White Columns Online #5:
Feel and Rhythms
curated by Ashton Cooper
April 24–June 2, 2018 OnlineSimone Meltesen
Untitled (Tablecloth), 2015
Acrylic stain on unprimed canvas
30 × 24 inches
Courtesy of the artist
Kurt Treeby
Disposable: Niagara Falls Winter Garden, 2016
Yarn, plastic canvas, tissue box, LED lighting
19 × 17 × 25 inches
Courtesy of the artist
Nikholis Planck
Ancestral Swamp, 2015
Silicone, collage, wood pencil, and water-soluble oil color on wax on canvas
49 × 47 inches
Courtesy of the artist
August Krogan-Roley
by the rivers of, 2013
Carpet collage
20 × 15 inches
Courtesy of the artist
Nicole Langille
pocket with pink and purple, 2016
Concrete and spray paint
16 × 24 × 1 inches
Courtesy of the artist
Whitney Lynn
Lot’s Daughters, 2016
Oil pastel, pencil, and masking tape on paper
60 × 56 inches
Courtesy of the artist
Garth Swanson
Courtyard, 2016
Oil and acrylic on handwoven canvas (hemp warp, cotton weft; fully selvaged)
16 × 14 inches
Courtesy of the artist
Sarah Zapata
Character of Color Phenomena (vessel), 2017
Natural and synthetic fiber, coiled rope
12 × 9 × 27 inches
Courtesy of the artist
Nancy White
01_2016, 2016
Acrylic on paper
8.75 × 7.625 inches
Courtesy of the artist
Erin Castellan
Peggy Myrtle, 2015
Beads, thread, found fabric
15 × 15 inches
Courtesy of the artist
Exhibition Description
In her landmark 1966 exhibition Eccentric Abstraction, Lucy Lippard brought together the work of Alice Adams, Eva Hesse, Louise Bourgeois, and others in a show that, in her words, was “devoted to opening up new areas of materials, shape, color, and sensuous experience.”

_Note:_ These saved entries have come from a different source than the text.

(* Let $n\ge2$, $\alpha\in(1,2]$, $K\ge2$, and let $\mathcal{M}=\mathcal{M}(\alpha,K)$ be the collection of seeded intervals defined below. Then for every real $h$ with $0<h\le n/2$ and every integer $\eta$ with $\max(3h/2,1)\le\eta\le n-\max(3h/2,1)$, there exist integers $l\ge1$ and $v$ such that (i) $(v-l,v+l]\in\mathcal{M}$; (ii) $h/2\le l\le\max(h,1)$; (iii) $|v-\eta|\le l/K\le l/2$. In particular, $(v-l,v+l]\subseteq(\eta-\max(3h/2,1),\ \eta+\max(3h/2,1)]$.
   Context: Seeded intervals $\mathcal{M}(\alpha,K)$ for sample size $n$: let $l_1=1$, $l_{j+1}=\max\{l_j+1,\lfloor\alpha l_j\rfloor\}$ for $j\ge1$, $H=\max\{j:l_j\le n/2\}$, $s_l=\max\{1,\lfloor l/K\rfloor\}$, $\mathcal{I}_l=\{(n-2l,n]\}\cup\{(is_l,\,is_l+2l]: i=0,1,\dots,\lfloor(n-2l)/s_l\rfloor\}$, and $\mathcal{M}(\alpha,K)=\bigcup_{j=1}^{H}\mathcal{I}_{l_j}$, where $(a,b]$ denotes the integer interval $\{a+1,\dots,b\}$. *)

From Stdlib Require Import Reals ZArith Lra Lia.
Open Scope R_scope.

Definition Zfloor (r : R) : Z := Int_part r.

(* lseq alpha j = l_{j+1}  (0-indexed):  l_1 = 1,
   l_{j+1} = max (l_j + 1) (floor (alpha * l_j)) *)
Fixpoint lseq (alpha : R) (j : nat) : Z :=
  match j with
  | O => 1%Z
  | S k => Z.max (lseq alpha k + 1)%Z (Zfloor (alpha * IZR (lseq alpha k)))
  end.

Definition sstep (K : R) (l : Z) : Z := Z.max 1 (Zfloor (IZR l / K)).

(* An integer interval (a, b] = {a+1, ..., b} is represented by the pair (a, b).
   I_l = {(n-2l, n]} U {(i s_l, i s_l + 2l] : i = 0, ..., floor((n-2l)/s_l)} *)
Definition in_Il (n : Z) (K : R) (l : Z) (a b : Z) : Prop :=
  (a = n - 2 * l /\ b = n)%Z \/
  exists i : Z, (0 <= i <= (n - 2 * l) / sstep K l)%Z /\
                a = (i * sstep K l)%Z /\ b = (i * sstep K l + 2 * l)%Z.

(* M(alpha, K) = union over j = 1..H of I_{l_j}, H = max {j : l_j <= n/2}.
   With 0-indexing, j0 (= j-1) ranges over indices with j0 <= H-1, i.e.
   there is some j' >= j0 with l_{j'+1} <= n/2 (this is exactly j0+1 <= H). *)
Definition in_M (n : Z) (alpha K : R) (a b : Z) : Prop :=
  exists j : nat,
    (exists j' : nat, (j <= j')%nat /\ IZR (lseq alpha j') <= IZR n / 2) /\
    in_Il n K (lseq alpha j) a b.

(* Given a scale h and a location eta far enough from the boundary, we pick
   the largest term l = l_j of the scale sequence with l_j <= max(h,1).
   Because the sequence at most doubles (alpha <= 2), this l also satisfies
   l >= h/2.  The grid of left endpoints i*s_l of the intervals of I_l has
   mesh s_l <= l/K + 1, so dividing eta - l by s_l gives a grid point with
   remainder r in [0, s_l), i.e. r <= l/K; the interval of I_l with centre
   v = eta - r is the one sought, and it lies in the window around eta
   because r + l - 1 <= 3l/2 - 1 < max(3h/2, 1). *)

From Pilot Require Import Defs.
From Stdlib Require Import Reals ZArith Lra Lia.
Open Scope R_scope.

Lemma Zfloor_le (r : R) : IZR (Defs.Zfloor r) <= r.
Proof. unfold Defs.Zfloor. exact (proj1 (base_Int_part r)). Qed.

Lemma lseq_ge1 (alpha : R) (k : nat) : (1 <= lseq alpha k)%Z.
Proof. induction k; simpl; lia. Qed.

Lemma lseq_step (alpha : R) (k : nat) : 1 < alpha <= 2 ->
  (lseq alpha k + 1 <= lseq alpha (S k) <= 2 * lseq alpha k)%Z.
Proof.
  intros Ha. pose proof (lseq_ge1 alpha k) as Hl. cbn [lseq].
  assert (Hfloor : (Defs.Zfloor (alpha * IZR (lseq alpha k)) <= 2 * lseq alpha k)%Z).
  { apply le_IZR. rewrite mult_IZR.
    pose proof (Zfloor_le (alpha * IZR (lseq alpha k))).
    apply IZR_le in Hl.
    assert (alpha * IZR (lseq alpha k) <= 2 * IZR (lseq alpha k))
      by (apply Rmult_le_compat_r; lra).
    lra. }
  lia.
Qed.

Lemma lseq_lower (alpha : R) (k : nat) : 1 < alpha <= 2 ->
  (Z.of_nat k + 1 <= lseq alpha k)%Z.
Proof.
  intros Ha. induction k as [|k IH]; [simpl; lia|].
  pose proof (lseq_step alpha k Ha). rewrite Nat2Z.inj_succ. lia.
Qed.

Lemma lseq_bracket (alpha h : R) : 1 < alpha <= 2 -> 1 <= h ->
  exists j : nat, IZR (lseq alpha j) <= h < IZR (lseq alpha (S j)).
Proof.
  intros Ha Hh.
  assert (below : forall N : nat, h < IZR (lseq alpha N) ->
            exists j : nat, IZR (lseq alpha j) <= h < IZR (lseq alpha (S j))).
  { induction N as [|N IH]; intros HN; [simpl in HN; lra|].
    destruct (Rle_dec (IZR (lseq alpha N)) h) as [Hle|Hgt].
    - exists N. lra.
    - apply IH. lra. }
  apply (below (Z.to_nat (up h))).
  destruct (archimed h) as [Hup _].
  assert (Hup0 : (0 <= up h)%Z) by (apply le_IZR; lra).
  pose proof (IZR_le _ _ (lseq_lower alpha (Z.to_nat (up h)) Ha)) as Hlow.
  rewrite plus_IZR, Z2Nat.id in Hlow by exact Hup0. lra.
Qed.

Lemma scale_choice (alpha h : R) : 1 < alpha <= 2 -> 0 < h ->
  exists j : nat, h / 2 <= IZR (lseq alpha j) <= Rmax h 1.
Proof.
  intros Ha Hh. unfold Rmax. destruct (Rle_dec h 1) as [Hh1|Hh1].
  - exists 0%nat. simpl. lra.
  - destruct (lseq_bracket alpha h Ha) as [j [Hlo Hhi]]; [lra|].
    pose proof (IZR_le _ _ (proj2 (lseq_step alpha j Ha))) as Hdouble.
    rewrite mult_IZR in Hdouble.
    exists j. lra.
Qed.

Lemma sstep_bounds (K : R) (l : Z) : 0 < K -> (0 <= l)%Z ->
  (1 <= sstep K l)%Z /\ IZR (sstep K l - 1) <= IZR l / K.
Proof.
  intros HK Hl. unfold sstep.
  pose proof (Zfloor_le (IZR l / K)) as Hfloor.
  assert (Hpos : 0 <= IZR l / K)
    by (apply Rmult_le_pos; [apply IZR_le; exact Hl | left; apply Rinv_0_lt_compat; exact HK]).
  destruct (Z.max_spec_le 1 (Defs.Zfloor (IZR l / K))) as [[Hge ->]|[_ ->]];
    rewrite minus_IZR; simpl; split; [exact Hge|lra|lia|lra].
Qed.

Lemma grid_point (n l s eta : Z) : (1 <= s)%Z -> (l <= eta <= n - l)%Z ->
  exists i : Z, (0 <= i <= (n - 2 * l) / s)%Z /\ (0 <= eta - l - i * s < s)%Z.
Proof.
  intros Hs Heta. exists ((eta - l) / s)%Z. split.
  - split; [apply Z.div_pos | apply Z.div_le_mono]; lia.
  - pose proof (Z.div_mod (eta - l) s ltac:(lia)).
    pose proof (Z.mod_pos_bound (eta - l) s ltac:(lia)). lia.
Qed.

Lemma in_M_grid (n : Z) (alpha K : R) (j : nat) (i : Z) :
  IZR (lseq alpha j) <= IZR n / 2 ->
  (0 <= i <= (n - 2 * lseq alpha j) / sstep K (lseq alpha j))%Z ->
  in_M n alpha K (i * sstep K (lseq alpha j))
                 (i * sstep K (lseq alpha j) + 2 * lseq alpha j).
Proof.
  intros Hl Hi. exists j. split.
  - exists j. split; [lia | exact Hl].
  - right. exists i. repeat split; lia.
Qed.

Lemma window_bounds (h l : R) : 0 < h -> 1 <= l <= Rmax h 1 ->
  Rmax h 1 <= Rmax (3 * h / 2) 1 /\ 3 * l / 2 - 1 < Rmax (3 * h / 2) 1.
Proof.
  intros Hh Hl. unfold Rmax in *.
  destruct (Rle_dec h 1); destruct (Rle_dec (3 * h / 2) 1); lra.
Qed.

Theorem lemma7 (n : Z) (alpha K : R) :
  (2 <= n)%Z -> 1 < alpha <= 2 -> 2 <= K ->
  forall (h : R) (eta : Z),
    0 < h <= IZR n / 2 ->
    Rmax (3 * h / 2) 1 <= IZR eta <= IZR n - Rmax (3 * h / 2) 1 ->
    exists (l v : Z),
      (1 <= l)%Z /\
      in_M n alpha K (v - l) (v + l) /\
      h / 2 <= IZR l <= Rmax h 1 /\
      Rabs (IZR (v - eta)) <= IZR l / K <= IZR l / 2 /\
      (forall x : Z, (v - l < x <= v + l)%Z ->
         IZR eta - Rmax (3 * h / 2) 1 < IZR x <= IZR eta + Rmax (3 * h / 2) 1).
Proof.
  intros Hn Ha HK h eta Hh Heta.
  destruct (scale_choice alpha h Ha (proj1 Hh)) as [j Hscale].
  set (l := lseq alpha j) in *.
  assert (Hl1 : (1 <= l)%Z) by apply lseq_ge1.
  pose proof (IZR_le _ _ Hl1) as Hl1R. pose proof (IZR_le _ _ Hn) as HnR.
  destruct (window_bounds h (IZR l) (proj1 Hh) ltac:(lra)) as [Hwide Hwin].
  assert (HlK : IZR l / K <= IZR l / 2)
    by (apply Rmult_le_compat_l; [lra | apply Rinv_le_contravar; lra]).
  destruct (sstep_bounds K l ltac:(lra) ltac:(lia)) as [Hs1 Hs].
  set (s := sstep K l) in *.
  destruct (grid_point n l s eta Hs1) as [i [Hi Hr]].
  { split; apply le_IZR; rewrite ?minus_IZR; lra. }
  set (r := (eta - l - i * s)%Z) in Hr.
  assert (HrR : 0 <= IZR r <= IZR l / K).
  { pose proof (IZR_le _ _ (proj1 Hr)).
    pose proof (IZR_le r (s - 1) ltac:(lia)). lra. }
  exists l, (l + i * s)%Z. split; [exact Hl1|]. split.
  { replace (l + i * s - l)%Z with (i * s)%Z by lia.
    replace (l + i * s + l)%Z with (i * s + 2 * l)%Z by lia.
    apply in_M_grid; [fold l; lra | exact Hi]. }
  split; [lra|]. split.
  { replace (l + i * s - eta)%Z with (- r)%Z by (unfold r; lia).
    rewrite opp_IZR, Rabs_Ropp, Rabs_right; lra. }
  intros x Hx. split.
  - pose proof (IZR_le (eta - x) (r + l - 1) ltac:(unfold r; lia)) as Hlow.
    rewrite !minus_IZR, plus_IZR in Hlow. lra.
  - pose proof (IZR_le (x - eta) l ltac:(unfold r in *; lia)) as Hup.
    rewrite minus_IZR in Hup. lra.
Qed.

Reportedly first used by John Milton in 1641, the word sensuous was conceived to indicate a total engagement of the senses without the licentious undertones of “sensual.” Nearly 200 years later, sensuous found an advocate in Romantic poet Samuel Coleridge who argued for its utility in an essay penned in 1814: “Thus, to express in one word what belongs to the senses, or the recipient and more passive faculty of the soul, I have reintroduced the word sensuous, used, among many others of our elder writers, by Milton.”
What Coleridge would call “the recipient and more passive faculty of the soul,” Lippard would call body ego. She writes, “It is difficult to explain why certain forms and treatments of form should elicit more sensuous response than others. Sometimes it is determined by the artist’s own approach to his materials and forms; at others by the viewer’s indirect sensations of identification, reflecting both his personal and vicarious knowledge of sensorial experience in general. Body ego can be experienced two ways: first through appeal, the desire to caress, to be caught up in the feel and rhythms of a work; second, through repulsion, the immediate reaction against certain forms and surfaces which take longer to comprehend.”
The works assembled here incite this “desire to caress, to be caught up in the feel and rhythms of a work.” The acrylic stain in Simone Meltesen’s “Untitled (Tablecloth)” invokes the physical sensation of wet gingham fabric; Kurt Treeby’s “Disposable: Niagara Falls Winter Garden” also employs a pink grid, but in the form of a demolished landmark, which doubles as a tissue box holder that invites the viewer to grab and pull; “Ancestral Swamp,” painted by Nikholis Planck, urges one to plunge a hand or nose right into its sticky humid jumble; August Krogan-Roley’s carpet collage “by the rivers of” summons the feeling of the rough warp and weft of mass-produced carpet; even though constructed with concrete, Nicole Langille’s “pocket with pink and purple” tempts one to reach for a hidden interior; in “Lot’s Daughters” Whitney Lynn has reimagined the Biblical tale and made it cruder with the use of thickly applied oil pastel and the implication of incestual cradling; Garth Swanson’s unstretched and hand woven canvas in “Courtyard” takes on the quality of a well worn garment; “Character of Color Phenomena (vessel),” made by Sarah Zapata, beckons the viewer to run a hand along the repeated ridges of its coiled rope; the candy apple reds in Nancy White’s acrylic on paper piece “01_2016” suggest the taste of a sticky treat; and Erin Castellan’s “Peggy Myrtle” entices one to touch its bumpy beaded surface.
Ashton Cooper is an independent writer and curator living in New York.
This exhibition is the fifth in a series of online exhibitions curated exclusively from White Columns’ Curated Artist Registry.